EXERCISE BRIEF: The required answer is each line in the entries below where "distribution" occurs.

STORED DATA:
*** Begin section ***

(* Let $n\geq 2$, $m>0$, and let $\tau$ be a maximal simplex of $\Delta_m^{n,2}=\mathrm{VR}(\{0,\ldots,m\}^n;2)$. Writing $V=\{0,\ldots,m\}^n$, one of the following holds: (i) $\tau=N[x]\cap V$ for some $x\in\mathbb{Z}^n$; (ii) $\tau=\{x,x^{i_0},x^{j_0},x^{i_0,j_0}\}\cap V$ for some $x\in\mathbb{Z}^n$ and $i_0,j_0\in[n]^{\pm}$; (iii) $\tau=\{x,x^{i_0,j_0},x^{j_0,k_0},x^{i_0,k_0}\}\cap V$ for some $x\in\mathbb{Z}^n$ and $i_0,j_0,k_0\in[n]^{\pm}$.
   Context: $\mathbb{Z}^n$ carries the Manhattan metric $d(x,y)=\sum_{i=1}^n|x_i-y_i|$; $\mathrm{VR}(X;r)$ is the simplicial complex on $X$ whose simplices are finite subsets of diameter at most $r$. Write $[n]=\{1,\ldots,n\}$, $[-n]=\{-1,\ldots,-n\}$, $[n]^{\pm}=[n]\cup[-n]$. For $x\in\mathbb{Z}^n$ and $i_1,\ldots,i_k\in[n]^{\pm}$ with pairwise distinct absolute values, $x^{i_1,\ldots,i_k}$ is obtained from $x$ by adding $1$ to coordinate $j$ for each $j\in\{i_1,\ldots,i_k\}\cap[n]$ and subtracting $1$ from coordinate $j$ for each $j$ with $-j\in\{i_1,\ldots,i_k\}$. $N[x]=\{y\in\mathbb{Z}^n: d(x,y)\leq 1\}$. *)

From HB Require Import structures.
From mathcomp Require Import all_boot all_order all_algebra.
Set Implicit Arguments. Unset Strict Implicit. Unset Printing Implicit Defensive.
Import Order.TTheory GRing.Theory Num.Theory.

Notation pt n := {ffun 'I_n -> int}.

Definition mdist (n : nat) (x y : pt n) : nat :=
  \sum_(i < n) absz (x i - y i)%R.

Definition inV (n m : nat) (x : pt n) : Prop :=
  forall i : 'I_n, (0 <= x i)%R /\ (x i <= m%:Z)%R.

(* A simplex of VR(V;2): a subset of V (automatically finite) of diameter <= 2.
   Subsets of Z^n are represented as predicates pt n -> Prop. *)
Definition VR_simplex (n m : nat) (tau : pt n -> Prop) : Prop :=
  (forall x, tau x -> inV m x) /\
  (forall x y, tau x -> tau y -> mdist x y <= 2).

Definition maximal_simplex (n m : nat) (tau : pt n -> Prop) : Prop :=
  VR_simplex m tau /\
  (forall sigma : pt n -> Prop, VR_simplex m sigma ->
     (forall x, tau x -> sigma x) -> forall x, sigma x -> tau x).

(* Signed index in [n]^{+-}: (j, true) stands for j+1, (j, false) for -(j+1).
   The absolute value is the first component. *)
Definition sidx (n : nat) := ('I_n * bool)%type.

(* x^{i}: add 1 (sign +) or subtract 1 (sign -) at coordinate |i|.
   For indices with distinct absolute values, x^{i1,...,ik} is the iterate. *)
Definition shift (n : nat) (x : pt n) (i : sidx n) : pt n :=
  [ffun j => if j == i.1 then (x j + (if i.2 then 1 else -1))%R else x j].

(* If two points of tau differ by 2 in one coordinate, they agree in all others
   and every point of tau lies within distance 1 of their midpoint: tau is a ball.
   Otherwise tau lies in a unit cube with a corner p in tau, on whose vertices the
   Manhattan metric is the Hamming distance between subsets of coordinates.  The
   subsets coming from tau contain the empty set and have diameter at most 2, so
   they have at most two elements and any two 2-element ones meet.  Hence the pairs
   are absent (a ball around p), form a star (a ball around a neighbour of p, or
   the square spanned by a single pair) or form a triangle {ab, bc, ac}.
   Maximality of tau then makes it the whole configuration, intersected with V. *)

From mathcomp Require Import all_boot all_order all_algebra.
From mathcomp Require Import zify.
From Stdlib Require Import Classical.
Set Implicit Arguments. Unset Strict Implicit. Unset Printing Implicit Defensive.
Import GRing.Theory.

Section HammingDistance.
Variable T : finType.
Implicit Types (A B S : {set T}) (a b c x y : T).

Definition hdist A B : nat := #|(A :\: B) :|: (B :\: A)|.

Lemma hdistC A B : hdist A B = hdist B A.
Proof. by rewrite /hdist setUC. Qed.

Lemma hdist0s A : hdist set0 A = #|A|.
Proof. by rewrite /hdist set0D setD0 set0U. Qed.

Lemma hdist_card A B : hdist A B + 2 * #|A :&: B| = #|A| + #|B|.
Proof.
have disjD : (A :\: B) :&: (B :\: A) = set0.
  by apply/setP => x; rewrite !inE; case: (x \in A); case: (x \in B).
have := cardsUI (A :\: B) (B :\: A); rewrite disjD cards0 addn0 /hdist => ->.
rewrite !cardsD [B :&: A]setIC.
have := subset_leq_card (subsetIl A B); have := subset_leq_card (subsetIr A B).
lia.
Qed.
(** Sequence space over a finite outcome type O: M2 = Z -> O. *)
Definition cylinder {O : Type} (A : (Z -> O) -> Prop) : Prop :=
  exists l : list (Z * (O -> Prop)),
    forall m, A m <-> Forall (fun p => snd p (m (fst p))) l.

Definition seq_sigma {O : Type} : ((Z -> O) -> Prop) -> Prop := generated (@cylinder O).

Definition shift {O : Type} (m : Z -> O) : Z -> O := fun i => m (i + 1)%Z.

(** mu2 is the distribution measure of a Bernoulli process with one-step
    probabilities p: elementary cylinders {m | m_{i_j} = o_j} (distinct indices)
    get measure prod_j p(o_j) (independence + identical distribution). *)
Definition bernoulli_measure {O : Type} (p : O -> R) (mu2 : ((Z -> O) -> Prop) -> R) : Prop :=
  probability_space seq_sigma mu2 /\
  forall l : list (Z * O), NoDup (map fst l) ->
    mu2 (fun m => Forall (fun q => m (fst q) = snd q) l)
    = fold_right (fun q acc => p (snd q) * acc) 1 l.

*** End section ***

SOLUTION FOR THIS EXERCISE:
(** mu2 is the distribution measure of a Bernoulli process with one-step
    get measure prod_j p(o_j) (independence + identical distribution). *)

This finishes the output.